## Task objective
In the material below, find each line with the word "jcomp" and copy it.

★ ★ ★ ★ ★

Let E_x : E xJ = 0.
Proof.
have m1 := E_annihilated E_w1 w1x.
have m2 := E_annihilated E_w2 w2x.
apply: oddJ_eq0 => //; first exact: E_odd.
- by transitivity (o3 (Jmul delta w2 (E xJ))); [zcomp | rewrite m2].
- by transitivity (- o3 (Jmul delta w1 (E xJ))); [zcomp | rewrite m1 oppr0].
- by transitivity (- o2 (Jmul delta w1 (E xJ))); [zcomp | rewrite m1 oppr0].
Qed.

(* [delta g x_i = (g w_i) x], so [E] kills [delta(Z) x_i], hence [x_i]. *)
Let E_xi (w xi : J) : E w = 0 ->
  (forall g, Jmul delta (Jmul delta (iZ g) w) xJ = Jmul delta (iZ (delta g)) xi) -> E xi = 0.
Proof.
move=> Ew wx; apply: delta_annihilatorJ_eq0 => g.
have := E_leibniz (iZ (delta g)) xi; rewrite E_iZ Jmul0l add0r => <-.
by rewrite -wx !E_leibniz E_x E_iZ Ew !(Jmul0l, Jmul0r, addr0).
Qed.

Lemma derivation_eq0_on_generators c : E c = 0.
Proof.
rewrite (J_generators c) !E_add !E_leibniz !E_iZ E_w1 E_w2 E_w3 E_x.
rewrite (E_xi E_w1 iZw1_x) (E_xi E_w2 iZw2_x) (E_xi E_w3 iZw3_x).
by rewrite !(Jmul0l, Jmul0r, addr0).
Qed.

End VanishingDerivation.

Lemma evenMapJ_sub (d1 d2 : J -> J) :
  evenMapJ d1 -> evenMapJ d2 -> evenMapJ (fun c => d1 c - d2 c).
Proof.
by case=> ev1 od1 [ev2 od2]; split=> u uP; rewrite /isEven /isOdd /=;
  [rewrite ev1 // ev2 // | rewrite od1 // od2 //]; rewrite subrr.
Qed.

Lemma DerJ0_evenDerJ d : DerJ0 delta d ->
  exists mu a f1 f2 f3, twisted_der mu a /\ forall c, d c = evenDerJ mu a f1 f2 f3 c.
Proof.
case=> d_lin [d_par d_leib].
have dD u v : d (u + v) = d u + d v by have := d_lin 1 u v; rewrite !scale1r.
have d0 : d 0 = 0 by apply: (addrI (d 0)); rewrite -dD !addr0.
have dN u : d (- u) = - d u by apply/eqP; rewrite -subr_eq0 opprK -dD addNr d0.
pose mu h := e0 (d (iZ h)); have muE h : mu h = e0 (d (iZ h)) by [].
clearbody mu.
have mu_twisted : twisted_der mu (o0 (d xJ)).
  split=> [k u v | u v | u]; rewrite !muE.
  - by rewrite iZ_linear d_lin; zcomp.
  - by rewrite iZ_mul d_leib; zcomp.
  - by rewrite -[iZ (delta u)]opprK -x_iZ_x dN !d_leib; zcomp.
exists mu, (o0 (d xJ)), (- e3 (d w2)), (e3 (d w1)), (- e2 (d w1)); split=> // c.
apply/eqP; rewrite -subr_eq0; apply/eqP; move: c.
have [G_even G_odd] := evenMapJ_sub d_par (evenDerJ_even (-(e3 (d w2))) (e3 (d w1))
  (-(e2 (d w1))) mu_twisted).
apply: derivation_eq0_on_generators => //.
- by move=> u v; cbv beta; rewrite dD evenDerJ_add //; jcomp.
- by move=> u v; cbv beta; rewrite d_leib evenDerJ_leibniz //; jcomp.
- by move=> h; coords; rewrite muE; zcomp.
- by coords; mpush mu_twisted; zring.
- by coords; mpush mu_twisted; zring.
- by coords; mpush mu_twisted; zring.
- by coords; mpush mu_twisted; zring.
Qed.

Definition degProj (al : bool * bool) (a : J) : J :=
  match al with
  | (false, false) => mkJ (e0 a) 0 0 0 (o0 a) 0 0 0
  | (true, false) => mkJ 0 (e1 a) 0 0 0 (o1 a) 0 0
  | (false, true) => mkJ 0 0 (e2 a) 0 0 0 (o2 a) 0
  | (true, true) => mkJ 0 0 0 (e3 a) 0 0 0 (o3 a)
  end.

Lemma inGrP al (a : J) : inGr al a <-> degProj al a = a.
Proof.
split=> [H | <- i]; last first.
  by case: al i => [[] []] [[|[|[|[|n]]]] ?] //= ne; split || case: ne.
have H0 := H (@Ordinal 4 0 isT); have H1 := H (@Ordinal 4 1 isT).
have H2 := H (@Ordinal 4 2 isT); have H3 := H (@Ordinal 4 3 isT).
case: al {H} H0 H1 H2 H3 => [[] []] /= H0 H1 H2 H3; apply: Jext => /=;
  do ?[ by [] | by case: H0 | by case: H1 | by case: H2 | by case: H3 ].
Qed.

Lemma iZ_inGr h : inGr (false, false) (iZ h). Proof. by apply/inGrP; jcomp. Qed.
Lemma xJ_inGr : inGr (false, false) (xJ : J). Proof. by apply/inGrP; jcomp. Qed.
Lemma w1_inGr : inGr (true, false) (w1 : J). Proof. by apply/inGrP; jcomp. Qed.
Lemma w2_inGr : inGr (false, true) (w2 : J). Proof. by apply/inGrP; jcomp. Qed.

Lemma gradMapJ_inGr al d be (a : J) :
  gradMapJ al d -> inGr be a -> degProj (addGr al be) (d a) = d a.
Proof. by move=> Hd /(Hd be)/inGrP. Qed.

Ltac graded_by_coords := move=> [[] []] c /inGrP <-; apply/inGrP; apply: Jext; coords.

Lemma evenDerJ_graded00 mu a : twisted_der mu a -> gradMapJ (false, false) (evenDerJ mu a 0 0 0).
Proof. by move=> Hmu; graded_by_coords; rewrite ?(mu0 Hmu); dpush; zring. Qed.

Lemma evenDerJ_graded10 f : gradMapJ (true, false) (evenDerJ (fun _ => 0) 0 f 0 0).
Proof. by graded_by_coords; dpush; zring. Qed.

Lemma evenDerJ_graded01 f : gradMapJ (false, true) (evenDerJ (fun _ => 0) 0 0 f 0).
Proof. by graded_by_coords; dpush; zring. Qed.

Lemma evenDerJ_graded11 f : gradMapJ (true, true) (evenDerJ (fun _ => 0) 0 0 0 f).
Proof. by graded_by_coords; dpush; zring. Qed.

★ ★ ★ ★ ★

## Reply to the exercise
- by move=> u v; cbv beta; rewrite dD evenDerJ_add //; jcomp.
- by move=> u v; cbv beta; rewrite d_leib evenDerJ_leibniz //; jcomp.
Lemma iZ_inGr h : inGr (false, false) (iZ h). Proof. by apply/inGrP; jcomp. Qed.
Lemma xJ_inGr : inGr (false, false) (xJ : J). Proof. by apply/inGrP; jcomp. Qed.
Lemma w1_inGr : inGr (true, false) (w1 : J). Proof. by apply/inGrP; jcomp. Qed.
Lemma w2_inGr : inGr (false, true) (w2 : J). Proof. by apply/inGrP; jcomp. Qed.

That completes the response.